The EC lost the case upon failing to meet sufficient level of burden of proof. As per the judgment, the EC wrongly considered that all EMEIA profits relating to Apple Groups’ IP licenses should necessarily have been allocated to the Irish branches of ASI and AOE. This reasoning of the EC was not justified because management and strategic decision-making functions were performed in California. The GC ultimately held that “In the present instance, as the Commission did not succeed in showing to the requisite legal standard that there was a selective advantage for the purposes of Article 107(1) TFEU, the contested decision must be annulled in its entirety without it being necessary to examine the other pleas in law raised by Ireland and ASI and AOE. “
On the bright side for the EC, it has been clearly held that the benchmark of the arm’s length principle and relevant OECD guidance is a tool to test illegal state aid. Also, GC has endorsed the view that the EC is well within its powers conferred on it under A. 107(1) of the TFEU.
This, along with the Starbucks decision of the GC concerning state aid provided by Netherlands mays serve as a blow to international tax reputation of the EC. Both judgments provide that EC failed to satisfy the burden of proof, especially on the issue of Apple receiving a selective economic advantage from Irish tax authorities to constitute illegal state aid.
As for the Irish tax authorities, the GC did acknowledge “the incomplete and occasionally inconsistent nature of contested tax rulings”. For Ireland, there seems to be conflicting interests. In the event of illegal state aid, it would generate heaps of revenue in the form of back taxes alongwith interest. However, it certainly would hurt the long-term reputation of the country due to lack of legal certainty and corporates could choose to invest in other countries. According to the statement of the Department of Finance, Ireland, “Ireland has always been clear that there was no special treatment provided to the two Apple companies – ASI and AOE. The correct amount of Irish tax was charged in line with normal Irish taxation rules.”
In the midst of rampant international efforts to minimize international tax avoidance arrangements by OECD and G-20 nations, this ruling comes in the form of a breather for MNEs that have similar rulings in place that guarantee tax certainty. It not only encourages foreign investment in low tax nations to a certain extent but also upholds the legitimacy of beneficial tax rulings with individual governments.
As a side note, new advantageous tax deals with national authorities may not be as viable owing to a plethora of judicial changes at the OECD level after the successful BEPS Project, new anti-avoidance measures introduced at the EU level and the recent pro-active role being played by the EC in scrutinizing incompatible state aid. This case makes one ponder on whether the key reasoning behind the Apple investigation was the low quantum of tax paid by the MNE or that of stateless income.

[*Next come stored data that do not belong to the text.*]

(* Let $m\ge4$ be even, $h=\frac m2$, and $\bar A=\{1,2,\dots,2^{h-1}-1\}$. For any $i\in\bar A$ and $j\in\Gamma_{(h)}$, $C_{i+2^h}\cap C_{j+2^h}\neq\emptyset$ only if $i=j$ and $j\in\Gamma_{(h-1)}$.
   Context: Let $v=2^m-1$. For an integer $i$, $C_i=\{i\cdot 2^s \bmod v: s\ge 0\}$ is the $2$-cyclotomic coset of $i$ modulo $v$. For a positive integer $t$, $\Gamma_{(t)}=\{j:1\le j\le 2^t-1,\ j\text{ odd}\}$. *)

From mathcomp Require Import all_boot.
Set Implicit Arguments. Unset Strict Implicit. Unset Printing Implicit Defensive.

Definition vv (m : nat) : nat := 2 ^ m - 1.

Definition in_coset (m i x : nat) : Prop :=
  exists s : nat, x = (i * 2 ^ s) %% vv m.

Definition cosets_meet (m i j : nat) : Prop :=
  exists x : nat, in_coset m i x /\ in_coset m j x.

Definition Gamma (t j : nat) : bool := [&& 1 <= j, j <= 2 ^ t - 1 & odd j].

(* Modulo [v = 2^m - 1] doubling is a cyclic shift of [m]-bit words, so if the
   cosets of [a = i + 2^h] and [b = j + 2^h] meet then [b = a * 2^r %[mod v]]
   for some [r < m], where [m = 2h].  Both [a] and [b] lie in [[2^h, 2^(h+1))].
   A shift by [0 < r < h] keeps [a * 2^r] below [v] but doubles it at least,
   leaving that window; a shift by [h < r < m] is inverted by a shift of [b]
   by [m - r < h], the same situation with [a] and [b] exchanged.  A shift by
   exactly [h] maps [a] to [i * 2^h + 1], which lies in the window only when
   [i = 1], forcing [j = 1]. *)
From mathcomp Require Import all_boot zify.

Set Implicit Arguments.
Unset Strict Implicit.
Unset Printing Implicit Defensive.

Lemma modn_small_eq d x y : x < d -> y < d -> x = y %[mod d] -> x = y.
Proof. by move=> hx hy; rewrite !modn_small. Qed.

Lemma expn_vv m : 2 ^ m = 1 %[mod vv m].
Proof.
have -> : 2 ^ m = vv m + 1 by rewrite /vv; have := expn_gt0 2 m; lia.
by rewrite modnDl.
Qed.

Lemma expnM_vv m k : 2 ^ (m * k) = 1 %[mod vv m].
Proof. by rewrite expnM -modnXm expn_vv modnXm exp1n. Qed.

Lemma mul_expn_period_vv m a e : a * 2 ^ e = a * 2 ^ (e %% m) %[mod vv m].
Proof.
rewrite {1}(divn_eq e m) expnD [e %/ m * m]mulnC mulnCA.
by rewrite -modnMml expnM_vv modnMml mul1n.
Qed.

Lemma cosets_meet_shift m a b : 0 < m -> cosets_meet m a b ->
  exists2 r, r < m & b = a * 2 ^ r %[mod vv m].
Proof.
move=> hm [x [[s ->] [t e]]].
exists ((s + t * (m - 1)) %% m); first by rewrite ltn_pmod.
rewrite -mul_expn_period_vv expnD mulnA -modnMml e modnMml -mulnA -expnD.
have -> : t + t * (m - 1) = m * t by rewrite addnC -mulnSr subn1 prednK // mulnC.
by rewrite -modnMmr expnM_vv modnMmr muln1.
Qed.

Lemma shift_inverse_vv m a b r : r <= m ->
  b = a * 2 ^ r %[mod vv m] -> a = b * 2 ^ (m - r) %[mod vv m].
Proof.
move=> hr e; rewrite -modnMml e modnMml -mulnA -expnD subnKC //.
by rewrite -modnMmr expn_vv modnMmr muln1.
Qed.

Lemma vv_double h : vv (h + h) = 2 ^ h * 2 ^ h - 1.
Proof. by rewrite /vv expnD. Qed.

Lemma shift_leaves_window h x y s : 0 < s < h ->
  2 ^ h <= x < 2 ^ h.+1 -> y < 2 ^ h.+1 ->
  y = x * 2 ^ s %[mod vv (h + h)] -> False.
Proof.
move=> /andP[s_gt0 s_lt] /andP[hx hx'] hy e.
have hS : 2 * 2 ^ s <= 2 ^ h by rewrite -expnS leq_exp2l.
have hs2 : 2 <= 2 ^ s by rewrite -[2]/(2 ^ 1) leq_exp2l.
rewrite expnS in hx' hy.
have hv := vv_double h.
have exy : y = x * 2 ^ s by apply: modn_small_eq e; rewrite hv; nia.
nia.
Qed.

Lemma half_shift_vv h i : (i + 2 ^ h) * 2 ^ h = i * 2 ^ h + 1 %[mod vv (h + h)].
Proof.
have -> : (i + 2 ^ h) * 2 ^ h = vv (h + h) + (i * 2 ^ h + 1).
  by rewrite vv_double; have := expn_gt0 2 h; nia.
by rewrite modnDl.
Qed.

Lemma half_shift_window h i j : 2 <= h -> 1 <= i < 2 ^ (h - 1) -> j < 2 ^ h ->
  j + 2 ^ h = (i + 2 ^ h) * 2 ^ h %[mod vv (h + h)] -> i = j.
Proof.
move=> h2 /andP[hi1 hi] hj; rewrite half_shift_vv.
have eH : 2 ^ h = 2 * 2 ^ (h - 1) by rewrite -expnS; congr (2 ^ _); lia.
have hH : 2 <= 2 ^ (h - 1) by rewrite -[2]/(2 ^ 1) leq_exp2l //; lia.
move/modn_small_eq; rewrite vv_double => e.
have {}e : j + 2 ^ h = i * 2 ^ h + 1 by apply: e; nia.
have : i * 2 ^ h < 2 * 2 ^ h by lia.
rewrite ltn_pmul2r ?expn_gt0 // => i_lt2.
have i1 : i = 1 by lia.
by move: e; rewrite i1 mul1n; lia.
Qed.

Theorem lemma12 (m : nat) (hm4 : 4 <= m) (hmeven : ~~ odd m) (i j : nat) :
  let h := m./2 in
  1 <= i <= 2 ^ (h - 1) - 1 ->
  Gamma h j ->
  cosets_meet m (i + 2 ^ h) (j + 2 ^ h) ->
  i = j /\ Gamma (h - 1) j.
Proof.
move=> h /andP[hi1 hi2] hG hmeet; have /and3P[hj1 hj2 hjo] := hG.
have em : m = h + h by rewrite /h -[LHS](odd_double_half m) (negbTE hmeven) addnn.
have h2 : 2 <= h by lia.
have eH : 2 ^ h = 2 * 2 ^ (h - 1) by rewrite -expnS; congr (2 ^ _); lia.
have hi : i < 2 ^ (h - 1) by have := expn_gt0 2 (h - 1); lia.
have hj : j < 2 ^ h by have := expn_gt0 2 h; lia.
have wa : 2 ^ h <= i + 2 ^ h < 2 ^ h.+1 by rewrite leq_addl /= expnS; lia.
have wb : 2 ^ h <= j + 2 ^ h < 2 ^ h.+1 by rewrite leq_addl /= expnS; lia.
suff eij : i = j by split=> //; apply/and3P; split=> //; rewrite -eij.
have [r hr e] := cosets_meet_shift (ltn_trans (isT : 0 < 3) hm4) hmeet.
rewrite em in hr e.
case: (ltngtP r h) => [r_lt | r_gt | r_h].
- have [r0 | r_gt0] := posnP r.
    move: e; rewrite r0 expn0 muln1 => /modn_small_eq; rewrite vv_double => e.
    have : j + 2 ^ h = i + 2 ^ h by apply: e; nia.
    lia.
  by case: (shift_leaves_window _ wa (proj2 (andP wb)) e); apply/andP.
- case: (shift_leaves_window _ wb (proj2 (andP wa)) (shift_inverse_vv (ltnW hr) e)).
  by apply/andP; lia.
- by rewrite r_h in e; apply: half_shift_window e => //; apply/andP.
Qed.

The EC has been policing such sweetheart tax deals offered by EU member nations to MNEs. Apple is another case out of the lot dealing with individual tax rulings that allegedly deviate from OECD Transfer Pricing Guidelines. While decisions of the GC in the cases of Ikea (Netherlands) and Nike (Netherlands) are awaited, the EC won the Fiat (Luxembourg) case and lost the Starbucks (Starbucks) case last year.